**DATA PROVIDED**
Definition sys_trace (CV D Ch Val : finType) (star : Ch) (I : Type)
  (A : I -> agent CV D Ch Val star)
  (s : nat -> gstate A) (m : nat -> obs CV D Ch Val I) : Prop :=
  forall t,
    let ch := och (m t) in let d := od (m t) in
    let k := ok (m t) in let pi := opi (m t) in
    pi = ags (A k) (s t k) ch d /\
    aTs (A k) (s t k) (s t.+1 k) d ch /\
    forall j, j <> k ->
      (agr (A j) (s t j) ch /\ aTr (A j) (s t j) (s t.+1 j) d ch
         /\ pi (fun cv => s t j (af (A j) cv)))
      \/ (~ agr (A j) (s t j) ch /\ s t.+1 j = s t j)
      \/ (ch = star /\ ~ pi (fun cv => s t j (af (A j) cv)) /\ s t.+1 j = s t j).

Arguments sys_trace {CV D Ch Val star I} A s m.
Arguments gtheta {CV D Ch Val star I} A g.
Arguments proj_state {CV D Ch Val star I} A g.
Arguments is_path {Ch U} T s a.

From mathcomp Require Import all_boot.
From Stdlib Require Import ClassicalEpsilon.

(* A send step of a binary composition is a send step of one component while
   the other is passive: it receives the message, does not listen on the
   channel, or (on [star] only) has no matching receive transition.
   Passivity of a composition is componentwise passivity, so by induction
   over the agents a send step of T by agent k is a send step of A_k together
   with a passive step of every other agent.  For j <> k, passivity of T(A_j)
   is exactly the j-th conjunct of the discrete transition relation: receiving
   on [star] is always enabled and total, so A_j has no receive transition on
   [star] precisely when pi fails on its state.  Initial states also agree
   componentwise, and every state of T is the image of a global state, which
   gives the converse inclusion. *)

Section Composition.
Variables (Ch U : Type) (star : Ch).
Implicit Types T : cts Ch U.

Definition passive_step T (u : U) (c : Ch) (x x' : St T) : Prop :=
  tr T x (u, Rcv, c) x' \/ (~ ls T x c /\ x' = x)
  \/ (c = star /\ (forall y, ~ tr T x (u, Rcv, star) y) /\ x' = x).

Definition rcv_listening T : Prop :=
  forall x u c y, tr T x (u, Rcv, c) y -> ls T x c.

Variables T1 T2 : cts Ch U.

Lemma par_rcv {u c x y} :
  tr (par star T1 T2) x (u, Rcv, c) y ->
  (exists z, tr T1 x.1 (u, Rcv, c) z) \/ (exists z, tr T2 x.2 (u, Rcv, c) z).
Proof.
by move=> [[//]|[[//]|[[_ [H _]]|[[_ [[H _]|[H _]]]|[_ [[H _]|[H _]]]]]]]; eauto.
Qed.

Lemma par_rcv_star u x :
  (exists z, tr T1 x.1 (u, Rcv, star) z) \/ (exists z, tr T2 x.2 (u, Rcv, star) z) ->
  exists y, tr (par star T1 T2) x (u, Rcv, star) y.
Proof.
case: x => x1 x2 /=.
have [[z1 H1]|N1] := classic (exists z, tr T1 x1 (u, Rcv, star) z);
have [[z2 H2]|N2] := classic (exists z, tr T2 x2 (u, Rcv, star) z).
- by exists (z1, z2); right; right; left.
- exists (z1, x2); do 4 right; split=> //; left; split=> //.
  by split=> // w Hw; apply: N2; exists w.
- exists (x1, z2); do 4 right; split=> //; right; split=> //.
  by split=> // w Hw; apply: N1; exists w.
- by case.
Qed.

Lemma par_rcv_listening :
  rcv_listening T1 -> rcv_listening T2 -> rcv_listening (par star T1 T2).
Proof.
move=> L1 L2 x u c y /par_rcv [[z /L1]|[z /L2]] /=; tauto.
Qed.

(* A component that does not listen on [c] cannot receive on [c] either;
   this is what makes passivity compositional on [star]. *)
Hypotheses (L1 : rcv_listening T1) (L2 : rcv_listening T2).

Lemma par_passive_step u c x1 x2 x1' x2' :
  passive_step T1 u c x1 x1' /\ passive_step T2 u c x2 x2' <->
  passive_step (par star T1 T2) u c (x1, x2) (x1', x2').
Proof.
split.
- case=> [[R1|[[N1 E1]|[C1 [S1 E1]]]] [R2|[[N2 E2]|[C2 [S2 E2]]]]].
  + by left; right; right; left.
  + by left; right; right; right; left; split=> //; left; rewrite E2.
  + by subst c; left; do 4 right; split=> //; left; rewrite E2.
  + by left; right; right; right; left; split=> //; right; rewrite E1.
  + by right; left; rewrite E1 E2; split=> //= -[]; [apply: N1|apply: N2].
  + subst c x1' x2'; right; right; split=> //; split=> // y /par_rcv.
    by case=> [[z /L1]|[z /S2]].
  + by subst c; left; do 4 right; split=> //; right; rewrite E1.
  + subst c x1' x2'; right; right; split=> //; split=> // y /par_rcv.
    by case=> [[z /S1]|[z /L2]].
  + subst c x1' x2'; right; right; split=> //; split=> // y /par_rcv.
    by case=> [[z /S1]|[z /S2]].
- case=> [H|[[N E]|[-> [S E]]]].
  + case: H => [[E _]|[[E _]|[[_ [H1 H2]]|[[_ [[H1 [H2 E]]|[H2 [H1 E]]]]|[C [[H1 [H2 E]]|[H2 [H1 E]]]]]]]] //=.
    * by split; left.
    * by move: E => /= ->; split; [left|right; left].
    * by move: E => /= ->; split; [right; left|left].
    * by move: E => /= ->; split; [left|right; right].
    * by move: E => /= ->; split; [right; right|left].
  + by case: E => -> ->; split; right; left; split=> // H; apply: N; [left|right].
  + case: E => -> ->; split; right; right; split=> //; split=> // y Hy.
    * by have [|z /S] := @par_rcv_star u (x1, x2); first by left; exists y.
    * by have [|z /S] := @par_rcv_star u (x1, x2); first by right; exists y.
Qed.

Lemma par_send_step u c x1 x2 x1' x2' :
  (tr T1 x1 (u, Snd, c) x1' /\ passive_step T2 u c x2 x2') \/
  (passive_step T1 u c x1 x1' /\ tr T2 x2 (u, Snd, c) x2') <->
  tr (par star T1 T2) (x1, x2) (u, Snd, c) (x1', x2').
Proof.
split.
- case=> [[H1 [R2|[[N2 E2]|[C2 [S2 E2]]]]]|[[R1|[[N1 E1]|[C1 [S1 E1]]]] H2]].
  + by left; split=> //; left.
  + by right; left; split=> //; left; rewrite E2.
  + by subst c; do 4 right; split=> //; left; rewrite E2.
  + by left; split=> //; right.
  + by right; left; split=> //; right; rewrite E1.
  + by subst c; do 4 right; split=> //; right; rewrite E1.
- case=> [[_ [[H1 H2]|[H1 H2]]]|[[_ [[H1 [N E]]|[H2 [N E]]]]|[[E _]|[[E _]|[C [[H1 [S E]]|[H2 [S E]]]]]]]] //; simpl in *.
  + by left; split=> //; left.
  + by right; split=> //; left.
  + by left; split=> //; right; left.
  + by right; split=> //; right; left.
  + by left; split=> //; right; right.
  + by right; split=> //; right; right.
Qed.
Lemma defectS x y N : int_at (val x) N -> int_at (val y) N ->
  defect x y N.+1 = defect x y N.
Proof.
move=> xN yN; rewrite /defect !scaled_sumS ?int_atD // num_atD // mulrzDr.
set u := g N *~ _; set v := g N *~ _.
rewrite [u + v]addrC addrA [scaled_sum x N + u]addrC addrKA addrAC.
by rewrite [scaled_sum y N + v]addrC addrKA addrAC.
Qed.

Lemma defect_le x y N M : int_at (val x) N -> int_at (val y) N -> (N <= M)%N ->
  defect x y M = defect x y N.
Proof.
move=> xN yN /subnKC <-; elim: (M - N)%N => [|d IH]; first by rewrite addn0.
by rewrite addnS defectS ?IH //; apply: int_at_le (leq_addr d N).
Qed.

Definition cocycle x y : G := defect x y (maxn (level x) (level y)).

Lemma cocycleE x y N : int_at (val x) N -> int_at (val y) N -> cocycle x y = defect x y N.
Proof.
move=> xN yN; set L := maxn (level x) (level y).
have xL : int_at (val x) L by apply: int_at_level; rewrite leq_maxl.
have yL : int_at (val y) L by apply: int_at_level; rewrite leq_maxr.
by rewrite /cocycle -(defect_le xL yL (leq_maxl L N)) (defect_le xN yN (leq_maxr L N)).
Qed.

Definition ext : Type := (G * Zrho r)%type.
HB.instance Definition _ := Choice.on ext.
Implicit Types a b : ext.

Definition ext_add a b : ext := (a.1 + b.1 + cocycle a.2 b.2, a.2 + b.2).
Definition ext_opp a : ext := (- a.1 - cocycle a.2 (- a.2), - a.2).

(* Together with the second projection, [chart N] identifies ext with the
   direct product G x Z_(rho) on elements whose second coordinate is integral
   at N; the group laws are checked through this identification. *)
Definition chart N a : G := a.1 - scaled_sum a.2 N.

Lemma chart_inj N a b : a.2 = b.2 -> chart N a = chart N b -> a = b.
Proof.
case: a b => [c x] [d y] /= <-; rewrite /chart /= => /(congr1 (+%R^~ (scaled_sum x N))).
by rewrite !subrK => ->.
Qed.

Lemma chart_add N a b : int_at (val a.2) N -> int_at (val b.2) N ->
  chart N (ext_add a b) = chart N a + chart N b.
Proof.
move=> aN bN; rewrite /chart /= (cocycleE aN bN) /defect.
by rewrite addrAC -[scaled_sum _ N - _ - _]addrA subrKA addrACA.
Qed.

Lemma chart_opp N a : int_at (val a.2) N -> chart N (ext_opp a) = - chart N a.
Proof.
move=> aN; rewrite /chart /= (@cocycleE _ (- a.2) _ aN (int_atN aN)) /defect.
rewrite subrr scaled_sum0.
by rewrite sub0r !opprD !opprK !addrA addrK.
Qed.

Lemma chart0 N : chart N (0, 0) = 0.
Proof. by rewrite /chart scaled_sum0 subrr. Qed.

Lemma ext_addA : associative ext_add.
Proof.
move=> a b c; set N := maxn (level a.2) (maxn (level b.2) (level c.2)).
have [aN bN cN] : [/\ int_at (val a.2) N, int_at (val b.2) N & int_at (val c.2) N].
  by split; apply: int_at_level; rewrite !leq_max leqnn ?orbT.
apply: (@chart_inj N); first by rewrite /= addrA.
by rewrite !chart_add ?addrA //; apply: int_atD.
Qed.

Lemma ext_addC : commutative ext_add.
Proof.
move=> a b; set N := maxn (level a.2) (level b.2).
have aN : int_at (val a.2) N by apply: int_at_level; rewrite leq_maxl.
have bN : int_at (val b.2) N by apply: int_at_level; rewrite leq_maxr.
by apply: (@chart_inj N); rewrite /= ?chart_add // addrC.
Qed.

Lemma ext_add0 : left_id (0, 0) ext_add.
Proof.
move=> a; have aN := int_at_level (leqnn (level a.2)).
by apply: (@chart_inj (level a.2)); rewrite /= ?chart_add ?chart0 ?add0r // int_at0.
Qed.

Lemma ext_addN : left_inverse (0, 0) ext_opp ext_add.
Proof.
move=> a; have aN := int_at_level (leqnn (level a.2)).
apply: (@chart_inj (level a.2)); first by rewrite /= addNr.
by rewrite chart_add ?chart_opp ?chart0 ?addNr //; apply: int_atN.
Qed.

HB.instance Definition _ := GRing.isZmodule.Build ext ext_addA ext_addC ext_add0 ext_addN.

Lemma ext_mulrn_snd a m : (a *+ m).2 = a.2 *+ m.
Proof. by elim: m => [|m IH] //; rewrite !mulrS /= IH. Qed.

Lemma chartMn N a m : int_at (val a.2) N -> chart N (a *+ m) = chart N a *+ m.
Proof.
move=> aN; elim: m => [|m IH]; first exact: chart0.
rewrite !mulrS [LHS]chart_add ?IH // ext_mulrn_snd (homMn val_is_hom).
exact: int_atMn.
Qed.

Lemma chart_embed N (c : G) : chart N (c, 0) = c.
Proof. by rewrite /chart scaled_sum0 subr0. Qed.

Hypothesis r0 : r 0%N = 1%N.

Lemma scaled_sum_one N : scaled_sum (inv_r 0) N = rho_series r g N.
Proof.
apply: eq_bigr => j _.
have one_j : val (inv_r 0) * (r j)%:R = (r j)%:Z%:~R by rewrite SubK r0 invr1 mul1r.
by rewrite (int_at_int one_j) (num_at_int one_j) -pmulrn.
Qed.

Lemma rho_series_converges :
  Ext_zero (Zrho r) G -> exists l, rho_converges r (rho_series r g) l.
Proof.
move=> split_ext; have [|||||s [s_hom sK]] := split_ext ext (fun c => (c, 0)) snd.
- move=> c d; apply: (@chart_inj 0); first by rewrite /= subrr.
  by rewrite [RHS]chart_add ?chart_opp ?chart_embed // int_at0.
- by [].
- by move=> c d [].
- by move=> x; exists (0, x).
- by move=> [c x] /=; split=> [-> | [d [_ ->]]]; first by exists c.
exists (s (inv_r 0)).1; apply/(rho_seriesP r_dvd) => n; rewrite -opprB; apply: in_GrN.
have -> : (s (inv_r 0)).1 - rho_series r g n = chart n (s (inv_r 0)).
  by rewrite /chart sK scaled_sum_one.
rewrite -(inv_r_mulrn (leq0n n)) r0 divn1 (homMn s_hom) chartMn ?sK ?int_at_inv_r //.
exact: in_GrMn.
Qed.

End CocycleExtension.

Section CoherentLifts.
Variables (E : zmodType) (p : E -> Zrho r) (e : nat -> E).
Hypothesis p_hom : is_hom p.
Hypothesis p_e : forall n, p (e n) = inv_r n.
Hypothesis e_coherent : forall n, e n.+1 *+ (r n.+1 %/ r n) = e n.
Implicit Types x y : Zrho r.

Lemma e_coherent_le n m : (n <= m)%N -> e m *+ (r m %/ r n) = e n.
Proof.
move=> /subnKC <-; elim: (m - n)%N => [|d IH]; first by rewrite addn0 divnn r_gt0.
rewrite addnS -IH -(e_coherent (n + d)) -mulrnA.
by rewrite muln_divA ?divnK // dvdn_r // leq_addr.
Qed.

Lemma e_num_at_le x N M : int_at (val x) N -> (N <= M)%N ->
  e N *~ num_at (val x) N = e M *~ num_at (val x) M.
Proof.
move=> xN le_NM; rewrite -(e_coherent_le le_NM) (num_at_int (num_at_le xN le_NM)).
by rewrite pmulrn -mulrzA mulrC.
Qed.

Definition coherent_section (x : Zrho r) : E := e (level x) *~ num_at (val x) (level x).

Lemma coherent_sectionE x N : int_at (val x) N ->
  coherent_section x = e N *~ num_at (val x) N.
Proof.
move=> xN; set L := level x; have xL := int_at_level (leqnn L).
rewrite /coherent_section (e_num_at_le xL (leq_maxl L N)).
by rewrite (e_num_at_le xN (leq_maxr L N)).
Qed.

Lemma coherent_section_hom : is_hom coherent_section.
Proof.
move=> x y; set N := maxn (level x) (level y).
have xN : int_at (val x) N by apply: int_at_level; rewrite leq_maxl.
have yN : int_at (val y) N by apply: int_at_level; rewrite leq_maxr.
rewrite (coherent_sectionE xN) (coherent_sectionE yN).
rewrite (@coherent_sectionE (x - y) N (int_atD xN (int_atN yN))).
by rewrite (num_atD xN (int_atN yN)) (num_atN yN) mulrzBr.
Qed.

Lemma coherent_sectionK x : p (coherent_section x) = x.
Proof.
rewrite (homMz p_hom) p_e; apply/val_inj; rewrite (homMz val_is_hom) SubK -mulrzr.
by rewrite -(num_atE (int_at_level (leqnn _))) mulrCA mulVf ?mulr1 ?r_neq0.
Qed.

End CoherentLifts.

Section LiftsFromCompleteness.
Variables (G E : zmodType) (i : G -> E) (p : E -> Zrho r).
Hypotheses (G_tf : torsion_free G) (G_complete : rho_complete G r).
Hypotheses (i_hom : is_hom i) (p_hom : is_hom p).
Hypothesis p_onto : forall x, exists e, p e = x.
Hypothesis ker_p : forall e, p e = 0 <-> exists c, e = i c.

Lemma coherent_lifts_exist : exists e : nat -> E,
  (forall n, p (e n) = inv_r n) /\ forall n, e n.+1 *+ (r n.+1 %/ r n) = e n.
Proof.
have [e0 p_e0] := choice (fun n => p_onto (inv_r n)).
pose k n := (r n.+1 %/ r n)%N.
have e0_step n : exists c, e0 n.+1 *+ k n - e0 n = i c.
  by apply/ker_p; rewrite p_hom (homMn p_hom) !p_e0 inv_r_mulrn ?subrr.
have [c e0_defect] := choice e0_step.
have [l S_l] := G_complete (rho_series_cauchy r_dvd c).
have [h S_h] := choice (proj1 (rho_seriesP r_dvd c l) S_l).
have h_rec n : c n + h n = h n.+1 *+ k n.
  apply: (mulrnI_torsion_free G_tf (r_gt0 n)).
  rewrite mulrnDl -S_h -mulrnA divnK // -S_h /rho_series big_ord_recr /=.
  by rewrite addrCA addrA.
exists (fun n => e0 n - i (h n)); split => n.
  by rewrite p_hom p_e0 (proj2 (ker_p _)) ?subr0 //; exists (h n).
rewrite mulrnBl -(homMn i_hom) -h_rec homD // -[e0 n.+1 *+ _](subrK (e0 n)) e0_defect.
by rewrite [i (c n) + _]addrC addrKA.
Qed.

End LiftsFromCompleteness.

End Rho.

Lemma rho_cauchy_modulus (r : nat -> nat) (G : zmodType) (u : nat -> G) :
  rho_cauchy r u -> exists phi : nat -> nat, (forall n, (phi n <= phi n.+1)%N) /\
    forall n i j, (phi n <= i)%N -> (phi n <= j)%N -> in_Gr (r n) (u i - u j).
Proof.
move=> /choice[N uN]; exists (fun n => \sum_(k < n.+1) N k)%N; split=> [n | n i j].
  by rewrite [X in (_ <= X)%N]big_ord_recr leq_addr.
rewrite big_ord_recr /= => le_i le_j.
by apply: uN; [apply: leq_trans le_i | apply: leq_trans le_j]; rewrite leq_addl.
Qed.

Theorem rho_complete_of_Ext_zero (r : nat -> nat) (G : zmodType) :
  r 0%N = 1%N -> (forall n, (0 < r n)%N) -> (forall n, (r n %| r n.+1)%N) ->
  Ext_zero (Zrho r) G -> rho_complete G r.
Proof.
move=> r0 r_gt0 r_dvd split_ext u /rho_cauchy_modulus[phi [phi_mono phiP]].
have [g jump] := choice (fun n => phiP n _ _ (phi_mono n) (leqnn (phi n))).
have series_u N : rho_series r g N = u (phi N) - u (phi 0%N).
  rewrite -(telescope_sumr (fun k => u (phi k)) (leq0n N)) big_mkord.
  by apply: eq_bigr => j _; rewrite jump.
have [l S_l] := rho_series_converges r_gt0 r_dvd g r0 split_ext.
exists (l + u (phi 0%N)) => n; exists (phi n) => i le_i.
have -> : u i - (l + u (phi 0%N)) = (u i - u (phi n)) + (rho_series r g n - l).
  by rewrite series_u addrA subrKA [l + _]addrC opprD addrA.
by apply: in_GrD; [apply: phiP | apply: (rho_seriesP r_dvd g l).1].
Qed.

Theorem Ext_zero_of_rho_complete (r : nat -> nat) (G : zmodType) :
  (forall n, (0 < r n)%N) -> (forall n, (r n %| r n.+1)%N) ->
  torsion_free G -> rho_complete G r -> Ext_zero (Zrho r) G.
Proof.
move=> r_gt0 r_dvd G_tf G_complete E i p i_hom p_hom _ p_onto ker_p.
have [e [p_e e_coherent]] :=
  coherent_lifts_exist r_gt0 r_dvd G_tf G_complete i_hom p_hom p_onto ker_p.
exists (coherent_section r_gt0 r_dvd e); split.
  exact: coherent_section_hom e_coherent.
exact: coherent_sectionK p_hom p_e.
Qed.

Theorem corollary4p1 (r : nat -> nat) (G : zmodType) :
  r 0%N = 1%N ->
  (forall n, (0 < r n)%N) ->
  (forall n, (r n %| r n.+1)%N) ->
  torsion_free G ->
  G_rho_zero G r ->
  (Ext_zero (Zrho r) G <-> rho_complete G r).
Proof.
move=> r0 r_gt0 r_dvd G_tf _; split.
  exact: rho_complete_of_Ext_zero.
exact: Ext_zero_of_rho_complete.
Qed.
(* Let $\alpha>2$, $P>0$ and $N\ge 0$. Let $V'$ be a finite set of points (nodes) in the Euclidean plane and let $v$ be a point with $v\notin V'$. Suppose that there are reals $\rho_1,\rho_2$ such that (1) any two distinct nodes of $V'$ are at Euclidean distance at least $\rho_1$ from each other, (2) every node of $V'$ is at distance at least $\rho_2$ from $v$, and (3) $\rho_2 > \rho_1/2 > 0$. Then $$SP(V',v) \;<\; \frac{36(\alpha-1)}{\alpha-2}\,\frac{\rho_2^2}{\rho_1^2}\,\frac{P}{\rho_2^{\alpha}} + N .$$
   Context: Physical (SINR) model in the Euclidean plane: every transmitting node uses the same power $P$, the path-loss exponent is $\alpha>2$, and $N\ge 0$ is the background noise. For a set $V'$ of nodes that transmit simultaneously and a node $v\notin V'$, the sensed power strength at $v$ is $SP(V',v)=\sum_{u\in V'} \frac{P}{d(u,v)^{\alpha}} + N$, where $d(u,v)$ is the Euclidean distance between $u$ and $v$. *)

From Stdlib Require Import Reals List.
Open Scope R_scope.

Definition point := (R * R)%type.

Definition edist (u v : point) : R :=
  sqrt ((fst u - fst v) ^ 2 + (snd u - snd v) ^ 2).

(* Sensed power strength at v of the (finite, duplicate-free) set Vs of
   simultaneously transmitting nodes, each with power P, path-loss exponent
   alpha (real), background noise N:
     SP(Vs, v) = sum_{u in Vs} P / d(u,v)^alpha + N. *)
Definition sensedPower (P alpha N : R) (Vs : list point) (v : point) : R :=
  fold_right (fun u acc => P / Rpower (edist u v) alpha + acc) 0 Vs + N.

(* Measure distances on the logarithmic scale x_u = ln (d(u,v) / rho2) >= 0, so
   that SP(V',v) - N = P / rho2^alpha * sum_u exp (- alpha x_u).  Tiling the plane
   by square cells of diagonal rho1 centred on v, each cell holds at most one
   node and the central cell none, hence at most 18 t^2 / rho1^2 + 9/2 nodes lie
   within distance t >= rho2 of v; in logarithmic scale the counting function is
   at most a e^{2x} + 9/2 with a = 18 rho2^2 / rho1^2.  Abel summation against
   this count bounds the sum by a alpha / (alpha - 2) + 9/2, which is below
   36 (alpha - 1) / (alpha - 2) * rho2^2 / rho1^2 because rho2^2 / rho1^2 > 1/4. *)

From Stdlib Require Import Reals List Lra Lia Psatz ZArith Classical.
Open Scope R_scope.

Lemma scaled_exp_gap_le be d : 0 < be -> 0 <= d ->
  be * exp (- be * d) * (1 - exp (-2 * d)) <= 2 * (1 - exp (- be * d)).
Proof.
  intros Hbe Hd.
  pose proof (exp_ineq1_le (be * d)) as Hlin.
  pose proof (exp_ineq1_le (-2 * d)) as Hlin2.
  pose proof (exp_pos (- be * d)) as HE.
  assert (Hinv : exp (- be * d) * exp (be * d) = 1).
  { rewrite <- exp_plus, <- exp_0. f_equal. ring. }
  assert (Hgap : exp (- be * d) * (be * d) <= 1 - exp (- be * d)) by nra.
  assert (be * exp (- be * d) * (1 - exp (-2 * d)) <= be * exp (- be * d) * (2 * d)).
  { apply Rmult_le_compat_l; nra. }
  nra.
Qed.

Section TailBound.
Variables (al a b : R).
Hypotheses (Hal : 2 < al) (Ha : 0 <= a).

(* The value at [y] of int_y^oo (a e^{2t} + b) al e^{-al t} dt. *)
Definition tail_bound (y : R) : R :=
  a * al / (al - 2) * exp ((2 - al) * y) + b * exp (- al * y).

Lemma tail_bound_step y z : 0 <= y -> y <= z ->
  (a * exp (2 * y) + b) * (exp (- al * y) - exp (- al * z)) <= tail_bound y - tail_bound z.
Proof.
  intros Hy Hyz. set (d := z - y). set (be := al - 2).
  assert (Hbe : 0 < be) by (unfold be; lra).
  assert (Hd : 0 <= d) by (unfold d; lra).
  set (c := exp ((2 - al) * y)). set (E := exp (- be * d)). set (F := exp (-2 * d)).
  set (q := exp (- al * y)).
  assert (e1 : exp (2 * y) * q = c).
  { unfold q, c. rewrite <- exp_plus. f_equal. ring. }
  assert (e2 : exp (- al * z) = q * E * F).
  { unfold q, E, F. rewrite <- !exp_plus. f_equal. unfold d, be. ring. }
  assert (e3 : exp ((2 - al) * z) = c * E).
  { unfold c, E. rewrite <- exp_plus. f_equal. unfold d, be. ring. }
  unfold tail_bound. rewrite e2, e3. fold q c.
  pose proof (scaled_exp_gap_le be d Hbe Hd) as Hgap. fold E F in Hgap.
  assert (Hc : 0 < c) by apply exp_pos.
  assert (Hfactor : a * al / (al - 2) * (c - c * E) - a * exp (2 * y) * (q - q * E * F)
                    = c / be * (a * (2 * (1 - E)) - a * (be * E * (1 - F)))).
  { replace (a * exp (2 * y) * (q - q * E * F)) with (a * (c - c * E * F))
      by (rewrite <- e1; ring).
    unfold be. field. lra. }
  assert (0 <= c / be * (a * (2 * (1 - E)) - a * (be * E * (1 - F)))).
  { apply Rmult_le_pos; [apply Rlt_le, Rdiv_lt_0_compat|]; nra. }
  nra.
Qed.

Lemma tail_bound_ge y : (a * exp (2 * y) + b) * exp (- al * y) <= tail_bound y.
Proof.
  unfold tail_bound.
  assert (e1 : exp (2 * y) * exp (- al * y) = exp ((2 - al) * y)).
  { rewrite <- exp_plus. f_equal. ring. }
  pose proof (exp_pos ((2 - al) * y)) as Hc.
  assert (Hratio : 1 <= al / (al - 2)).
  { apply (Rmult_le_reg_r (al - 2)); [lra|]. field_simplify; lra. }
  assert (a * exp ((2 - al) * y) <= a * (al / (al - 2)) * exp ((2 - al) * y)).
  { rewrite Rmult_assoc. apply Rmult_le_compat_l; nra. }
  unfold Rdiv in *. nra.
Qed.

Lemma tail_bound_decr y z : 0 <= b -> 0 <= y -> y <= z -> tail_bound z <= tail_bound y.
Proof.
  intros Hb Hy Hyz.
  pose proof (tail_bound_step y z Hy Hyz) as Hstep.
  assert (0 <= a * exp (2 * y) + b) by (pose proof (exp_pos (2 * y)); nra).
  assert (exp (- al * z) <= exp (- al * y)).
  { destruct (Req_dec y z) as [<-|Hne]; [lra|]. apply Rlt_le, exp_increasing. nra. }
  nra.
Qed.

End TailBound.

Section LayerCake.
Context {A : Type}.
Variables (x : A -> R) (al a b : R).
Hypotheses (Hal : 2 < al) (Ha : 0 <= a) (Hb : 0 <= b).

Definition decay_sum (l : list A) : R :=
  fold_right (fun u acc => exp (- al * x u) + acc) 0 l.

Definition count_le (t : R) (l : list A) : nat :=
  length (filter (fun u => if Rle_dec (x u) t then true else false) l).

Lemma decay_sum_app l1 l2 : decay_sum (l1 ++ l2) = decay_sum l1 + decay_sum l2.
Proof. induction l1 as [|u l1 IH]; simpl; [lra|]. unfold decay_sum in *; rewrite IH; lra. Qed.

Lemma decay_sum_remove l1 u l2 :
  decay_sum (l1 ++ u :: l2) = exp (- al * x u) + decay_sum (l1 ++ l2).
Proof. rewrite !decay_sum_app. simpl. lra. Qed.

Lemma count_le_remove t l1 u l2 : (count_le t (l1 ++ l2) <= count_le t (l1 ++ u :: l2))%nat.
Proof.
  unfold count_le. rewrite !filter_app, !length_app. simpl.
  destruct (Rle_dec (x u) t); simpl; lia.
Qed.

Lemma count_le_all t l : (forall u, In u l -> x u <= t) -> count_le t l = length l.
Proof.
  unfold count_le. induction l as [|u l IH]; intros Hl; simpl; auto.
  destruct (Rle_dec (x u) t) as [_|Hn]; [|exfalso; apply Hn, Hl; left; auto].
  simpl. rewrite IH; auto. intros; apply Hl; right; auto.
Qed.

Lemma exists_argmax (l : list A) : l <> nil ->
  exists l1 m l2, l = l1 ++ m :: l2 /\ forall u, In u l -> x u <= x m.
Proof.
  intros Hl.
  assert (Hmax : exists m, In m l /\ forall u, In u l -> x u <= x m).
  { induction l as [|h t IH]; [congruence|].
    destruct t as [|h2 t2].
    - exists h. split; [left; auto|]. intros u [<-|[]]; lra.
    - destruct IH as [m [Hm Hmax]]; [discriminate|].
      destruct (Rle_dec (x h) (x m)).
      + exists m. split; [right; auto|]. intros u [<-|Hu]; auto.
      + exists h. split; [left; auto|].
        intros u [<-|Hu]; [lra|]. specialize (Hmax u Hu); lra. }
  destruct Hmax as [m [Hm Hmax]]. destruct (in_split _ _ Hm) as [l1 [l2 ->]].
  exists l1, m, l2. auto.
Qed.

**WORK REQUIRED**
Beginning with the very first line of the records above, please retype each line through the one that has "let ch := och", and add nothing.

**YOUR SOLUTION**
Definition sys_trace (CV D Ch Val : finType) (star : Ch) (I : Type)
  (A : I -> agent CV D Ch Val star)
  (s : nat -> gstate A) (m : nat -> obs CV D Ch Val I) : Prop :=
  forall t,
    let ch := och (m t) in let d := od (m t) in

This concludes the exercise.